• _INSTRUCTIONS TO FOLLOW_: Somewhere below are a line with "Arguments octo_deg : clear implicits." and a later line with "From mathcomp Require Import ring lra zify.". Output exactly those lines and all lines between them.

(SUPPLIED MATERIAL begins)

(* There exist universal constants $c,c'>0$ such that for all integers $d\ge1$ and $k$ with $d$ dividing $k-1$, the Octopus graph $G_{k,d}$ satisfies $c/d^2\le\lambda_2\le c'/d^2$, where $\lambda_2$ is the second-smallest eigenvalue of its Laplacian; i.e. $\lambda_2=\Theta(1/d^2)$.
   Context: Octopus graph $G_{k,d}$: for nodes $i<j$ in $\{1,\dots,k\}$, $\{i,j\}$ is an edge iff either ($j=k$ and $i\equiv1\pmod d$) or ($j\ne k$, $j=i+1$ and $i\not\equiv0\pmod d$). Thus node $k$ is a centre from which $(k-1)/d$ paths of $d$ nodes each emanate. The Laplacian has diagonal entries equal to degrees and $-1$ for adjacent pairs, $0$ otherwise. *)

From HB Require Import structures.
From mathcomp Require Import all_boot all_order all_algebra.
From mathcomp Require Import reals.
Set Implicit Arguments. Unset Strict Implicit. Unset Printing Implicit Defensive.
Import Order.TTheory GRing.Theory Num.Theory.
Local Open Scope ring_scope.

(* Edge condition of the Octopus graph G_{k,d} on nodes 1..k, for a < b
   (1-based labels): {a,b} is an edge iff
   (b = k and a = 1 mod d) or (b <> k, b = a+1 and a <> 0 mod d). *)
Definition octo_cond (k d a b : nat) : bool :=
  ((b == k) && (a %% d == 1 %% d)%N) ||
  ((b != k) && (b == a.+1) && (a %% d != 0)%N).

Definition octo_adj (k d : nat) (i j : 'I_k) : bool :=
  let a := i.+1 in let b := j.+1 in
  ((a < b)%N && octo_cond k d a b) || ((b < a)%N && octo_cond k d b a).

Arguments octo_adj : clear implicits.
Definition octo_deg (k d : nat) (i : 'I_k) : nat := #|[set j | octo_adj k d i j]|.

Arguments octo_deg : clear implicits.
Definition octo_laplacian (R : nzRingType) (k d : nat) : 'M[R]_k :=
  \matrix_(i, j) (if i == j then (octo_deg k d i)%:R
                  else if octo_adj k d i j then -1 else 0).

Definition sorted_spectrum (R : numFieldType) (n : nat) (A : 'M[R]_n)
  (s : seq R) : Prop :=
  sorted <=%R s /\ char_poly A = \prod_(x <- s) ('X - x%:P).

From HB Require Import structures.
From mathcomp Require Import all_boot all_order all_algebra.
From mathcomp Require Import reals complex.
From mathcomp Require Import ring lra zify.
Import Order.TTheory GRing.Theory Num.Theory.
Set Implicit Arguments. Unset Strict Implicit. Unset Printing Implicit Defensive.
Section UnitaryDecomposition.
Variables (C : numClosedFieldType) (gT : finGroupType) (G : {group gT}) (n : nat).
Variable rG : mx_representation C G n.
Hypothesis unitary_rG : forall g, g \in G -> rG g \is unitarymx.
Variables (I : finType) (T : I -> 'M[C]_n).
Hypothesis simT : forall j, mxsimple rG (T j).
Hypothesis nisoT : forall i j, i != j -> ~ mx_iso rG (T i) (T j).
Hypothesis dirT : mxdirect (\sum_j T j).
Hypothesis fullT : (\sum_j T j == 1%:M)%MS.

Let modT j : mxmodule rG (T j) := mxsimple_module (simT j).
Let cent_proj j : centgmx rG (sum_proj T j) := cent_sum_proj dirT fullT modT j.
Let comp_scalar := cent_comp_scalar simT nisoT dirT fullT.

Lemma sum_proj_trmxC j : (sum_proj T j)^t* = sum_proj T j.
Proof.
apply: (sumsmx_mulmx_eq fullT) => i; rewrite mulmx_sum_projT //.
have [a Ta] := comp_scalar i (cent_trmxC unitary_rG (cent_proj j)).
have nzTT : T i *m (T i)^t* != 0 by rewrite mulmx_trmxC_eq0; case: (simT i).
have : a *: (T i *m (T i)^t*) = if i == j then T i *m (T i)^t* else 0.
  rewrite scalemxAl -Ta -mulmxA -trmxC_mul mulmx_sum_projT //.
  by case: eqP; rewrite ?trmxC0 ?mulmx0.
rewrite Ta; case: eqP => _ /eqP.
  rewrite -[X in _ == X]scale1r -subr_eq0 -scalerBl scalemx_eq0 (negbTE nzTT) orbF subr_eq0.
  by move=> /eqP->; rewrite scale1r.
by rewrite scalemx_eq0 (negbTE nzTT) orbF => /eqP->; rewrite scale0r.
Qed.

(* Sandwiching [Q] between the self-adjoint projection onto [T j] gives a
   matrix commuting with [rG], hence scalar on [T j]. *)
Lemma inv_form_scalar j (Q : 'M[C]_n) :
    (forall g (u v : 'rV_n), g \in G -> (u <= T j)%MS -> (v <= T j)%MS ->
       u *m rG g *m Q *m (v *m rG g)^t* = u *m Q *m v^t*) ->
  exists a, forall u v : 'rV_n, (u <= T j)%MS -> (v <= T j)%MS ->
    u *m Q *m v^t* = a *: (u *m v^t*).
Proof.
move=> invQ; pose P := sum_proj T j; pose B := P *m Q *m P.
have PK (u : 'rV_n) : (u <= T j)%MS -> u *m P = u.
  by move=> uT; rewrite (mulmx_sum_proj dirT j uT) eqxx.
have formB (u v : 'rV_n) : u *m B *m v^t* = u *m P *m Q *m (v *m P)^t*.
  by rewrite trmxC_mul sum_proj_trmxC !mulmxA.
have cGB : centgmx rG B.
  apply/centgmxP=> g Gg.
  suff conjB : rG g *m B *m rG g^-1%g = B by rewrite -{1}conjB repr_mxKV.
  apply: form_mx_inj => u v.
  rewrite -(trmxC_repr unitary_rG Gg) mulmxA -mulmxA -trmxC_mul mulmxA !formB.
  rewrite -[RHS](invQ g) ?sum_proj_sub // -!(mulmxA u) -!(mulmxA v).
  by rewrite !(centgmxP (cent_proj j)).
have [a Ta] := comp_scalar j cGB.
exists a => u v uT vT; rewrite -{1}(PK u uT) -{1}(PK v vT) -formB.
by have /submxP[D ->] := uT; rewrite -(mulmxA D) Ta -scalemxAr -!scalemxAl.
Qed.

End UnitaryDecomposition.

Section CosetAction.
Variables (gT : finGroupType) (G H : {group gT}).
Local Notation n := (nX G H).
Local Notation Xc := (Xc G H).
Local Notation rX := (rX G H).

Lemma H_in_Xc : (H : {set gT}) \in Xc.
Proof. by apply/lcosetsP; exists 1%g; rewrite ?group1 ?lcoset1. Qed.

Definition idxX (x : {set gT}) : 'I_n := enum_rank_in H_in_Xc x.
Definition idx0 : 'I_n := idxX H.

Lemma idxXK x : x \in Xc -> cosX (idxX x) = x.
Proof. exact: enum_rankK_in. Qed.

(SUPPLIED MATERIAL ends)

• _RESULT_:
Arguments octo_deg : clear implicits.
Definition octo_laplacian (R : nzRingType) (k d : nat) : 'M[R]_k :=
  \matrix_(i, j) (if i == j then (octo_deg k d i)%:R
                  else if octo_adj k d i j then -1 else 0).

Definition sorted_spectrum (R : numFieldType) (n : nat) (A : 'M[R]_n)
  (s : seq R) : Prop :=
  sorted <=%R s /\ char_poly A = \prod_(x <- s) ('X - x%:P).

From HB Require Import structures.
From mathcomp Require Import all_boot all_order all_algebra.
From mathcomp Require Import reals complex.
From mathcomp Require Import ring lra zify.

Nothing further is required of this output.